What is being asked>
Run through the data and copy out every line that mentions the word "case".

Collected data entries
━━━━━━━━━━━━━━━━
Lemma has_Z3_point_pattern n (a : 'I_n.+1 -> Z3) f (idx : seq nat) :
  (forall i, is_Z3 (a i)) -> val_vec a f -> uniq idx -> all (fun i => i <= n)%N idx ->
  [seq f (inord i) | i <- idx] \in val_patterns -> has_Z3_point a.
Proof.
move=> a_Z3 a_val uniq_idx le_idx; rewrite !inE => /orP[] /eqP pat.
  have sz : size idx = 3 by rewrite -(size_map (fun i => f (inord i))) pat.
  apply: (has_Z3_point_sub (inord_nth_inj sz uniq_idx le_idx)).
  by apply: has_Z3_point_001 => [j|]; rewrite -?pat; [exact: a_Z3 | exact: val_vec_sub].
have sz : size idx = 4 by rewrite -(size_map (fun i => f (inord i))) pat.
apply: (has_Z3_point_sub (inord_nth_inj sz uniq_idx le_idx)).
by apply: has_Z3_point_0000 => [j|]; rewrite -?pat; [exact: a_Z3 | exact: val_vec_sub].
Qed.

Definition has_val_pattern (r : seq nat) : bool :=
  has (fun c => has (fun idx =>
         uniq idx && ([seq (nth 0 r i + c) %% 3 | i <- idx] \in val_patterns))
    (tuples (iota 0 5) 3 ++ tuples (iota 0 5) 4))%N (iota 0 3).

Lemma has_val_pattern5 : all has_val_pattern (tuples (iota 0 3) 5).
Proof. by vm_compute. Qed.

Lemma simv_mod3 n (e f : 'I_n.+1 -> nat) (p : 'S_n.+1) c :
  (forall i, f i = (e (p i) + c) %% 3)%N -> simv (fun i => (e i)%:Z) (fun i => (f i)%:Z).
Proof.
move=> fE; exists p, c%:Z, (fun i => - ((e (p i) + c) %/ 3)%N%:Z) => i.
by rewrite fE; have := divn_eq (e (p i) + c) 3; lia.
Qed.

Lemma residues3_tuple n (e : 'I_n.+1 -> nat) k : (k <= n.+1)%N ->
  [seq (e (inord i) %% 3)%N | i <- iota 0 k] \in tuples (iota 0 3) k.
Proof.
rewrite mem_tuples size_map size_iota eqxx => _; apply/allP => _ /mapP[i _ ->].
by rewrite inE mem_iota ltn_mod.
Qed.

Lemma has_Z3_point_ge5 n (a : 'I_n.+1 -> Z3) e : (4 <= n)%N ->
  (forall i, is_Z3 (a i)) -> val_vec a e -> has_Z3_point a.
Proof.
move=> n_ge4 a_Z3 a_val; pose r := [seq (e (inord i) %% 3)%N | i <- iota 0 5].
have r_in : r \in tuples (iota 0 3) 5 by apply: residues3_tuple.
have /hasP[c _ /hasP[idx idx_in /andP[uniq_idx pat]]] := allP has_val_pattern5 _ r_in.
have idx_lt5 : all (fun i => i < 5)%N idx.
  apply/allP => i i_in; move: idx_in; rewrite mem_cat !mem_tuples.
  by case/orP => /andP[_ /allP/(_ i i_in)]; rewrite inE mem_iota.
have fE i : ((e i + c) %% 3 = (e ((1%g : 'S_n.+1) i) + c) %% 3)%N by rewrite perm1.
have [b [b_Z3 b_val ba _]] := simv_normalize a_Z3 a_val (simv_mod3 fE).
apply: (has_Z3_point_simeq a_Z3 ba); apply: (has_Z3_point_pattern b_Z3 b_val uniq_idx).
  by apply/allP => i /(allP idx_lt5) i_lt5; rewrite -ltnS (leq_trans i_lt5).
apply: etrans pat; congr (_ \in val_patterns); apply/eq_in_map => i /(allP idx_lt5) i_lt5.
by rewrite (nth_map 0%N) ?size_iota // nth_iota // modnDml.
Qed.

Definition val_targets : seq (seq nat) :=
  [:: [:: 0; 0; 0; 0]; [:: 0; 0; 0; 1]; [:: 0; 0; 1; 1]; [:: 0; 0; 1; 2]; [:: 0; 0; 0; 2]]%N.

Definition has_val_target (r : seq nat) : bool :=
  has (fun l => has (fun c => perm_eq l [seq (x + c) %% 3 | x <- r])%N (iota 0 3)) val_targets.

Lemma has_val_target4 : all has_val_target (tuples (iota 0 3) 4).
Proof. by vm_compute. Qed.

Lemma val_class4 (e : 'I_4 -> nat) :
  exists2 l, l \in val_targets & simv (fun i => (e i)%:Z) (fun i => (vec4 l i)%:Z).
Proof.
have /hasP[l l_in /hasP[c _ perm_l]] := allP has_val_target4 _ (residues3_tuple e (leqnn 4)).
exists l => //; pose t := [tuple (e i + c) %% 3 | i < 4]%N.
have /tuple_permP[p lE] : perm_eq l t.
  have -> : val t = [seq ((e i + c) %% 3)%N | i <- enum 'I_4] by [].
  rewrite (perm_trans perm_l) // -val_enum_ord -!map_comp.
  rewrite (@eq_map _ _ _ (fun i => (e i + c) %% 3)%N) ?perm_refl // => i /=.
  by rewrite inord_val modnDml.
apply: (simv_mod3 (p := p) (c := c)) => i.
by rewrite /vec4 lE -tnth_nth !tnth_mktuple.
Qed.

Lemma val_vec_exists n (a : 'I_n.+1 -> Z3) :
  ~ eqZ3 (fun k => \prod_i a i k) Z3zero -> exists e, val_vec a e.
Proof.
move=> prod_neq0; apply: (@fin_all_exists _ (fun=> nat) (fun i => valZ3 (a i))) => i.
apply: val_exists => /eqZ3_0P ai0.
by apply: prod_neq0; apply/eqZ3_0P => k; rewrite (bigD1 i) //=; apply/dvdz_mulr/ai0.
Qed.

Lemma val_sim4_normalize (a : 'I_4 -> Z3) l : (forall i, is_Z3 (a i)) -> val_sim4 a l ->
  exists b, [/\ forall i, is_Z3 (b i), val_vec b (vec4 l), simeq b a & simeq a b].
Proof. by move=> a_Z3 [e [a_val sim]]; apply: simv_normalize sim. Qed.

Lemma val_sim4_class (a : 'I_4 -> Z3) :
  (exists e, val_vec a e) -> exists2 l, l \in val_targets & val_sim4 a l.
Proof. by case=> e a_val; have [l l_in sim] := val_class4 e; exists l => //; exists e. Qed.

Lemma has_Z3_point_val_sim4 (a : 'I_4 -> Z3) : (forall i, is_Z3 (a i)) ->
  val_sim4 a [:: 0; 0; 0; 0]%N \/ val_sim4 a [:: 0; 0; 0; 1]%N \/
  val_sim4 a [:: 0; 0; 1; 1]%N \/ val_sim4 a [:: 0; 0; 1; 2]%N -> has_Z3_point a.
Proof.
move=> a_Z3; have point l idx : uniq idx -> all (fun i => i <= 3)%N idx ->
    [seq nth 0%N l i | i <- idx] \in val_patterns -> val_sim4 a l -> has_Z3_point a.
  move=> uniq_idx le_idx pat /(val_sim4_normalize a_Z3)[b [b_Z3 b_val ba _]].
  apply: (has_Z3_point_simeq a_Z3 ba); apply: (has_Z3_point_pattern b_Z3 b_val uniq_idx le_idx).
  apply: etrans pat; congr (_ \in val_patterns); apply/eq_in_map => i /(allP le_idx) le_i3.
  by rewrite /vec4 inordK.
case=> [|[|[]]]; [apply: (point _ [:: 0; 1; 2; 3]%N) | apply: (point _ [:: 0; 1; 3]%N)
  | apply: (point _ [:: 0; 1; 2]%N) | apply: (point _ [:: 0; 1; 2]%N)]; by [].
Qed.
━━━━━━━━━━━━━━━━
Reply>
  by case/orP => /andP[_ /allP/(_ i i_in)]; rewrite inE mem_iota.
Proof. by case=> e a_val; have [l l_in sim] := val_class4 e; exists l => //; exists e. Qed.
case=> [|[|[]]]; [apply: (point _ [:: 0; 1; 2; 3]%N) | apply: (point _ [:: 0; 1; 3]%N)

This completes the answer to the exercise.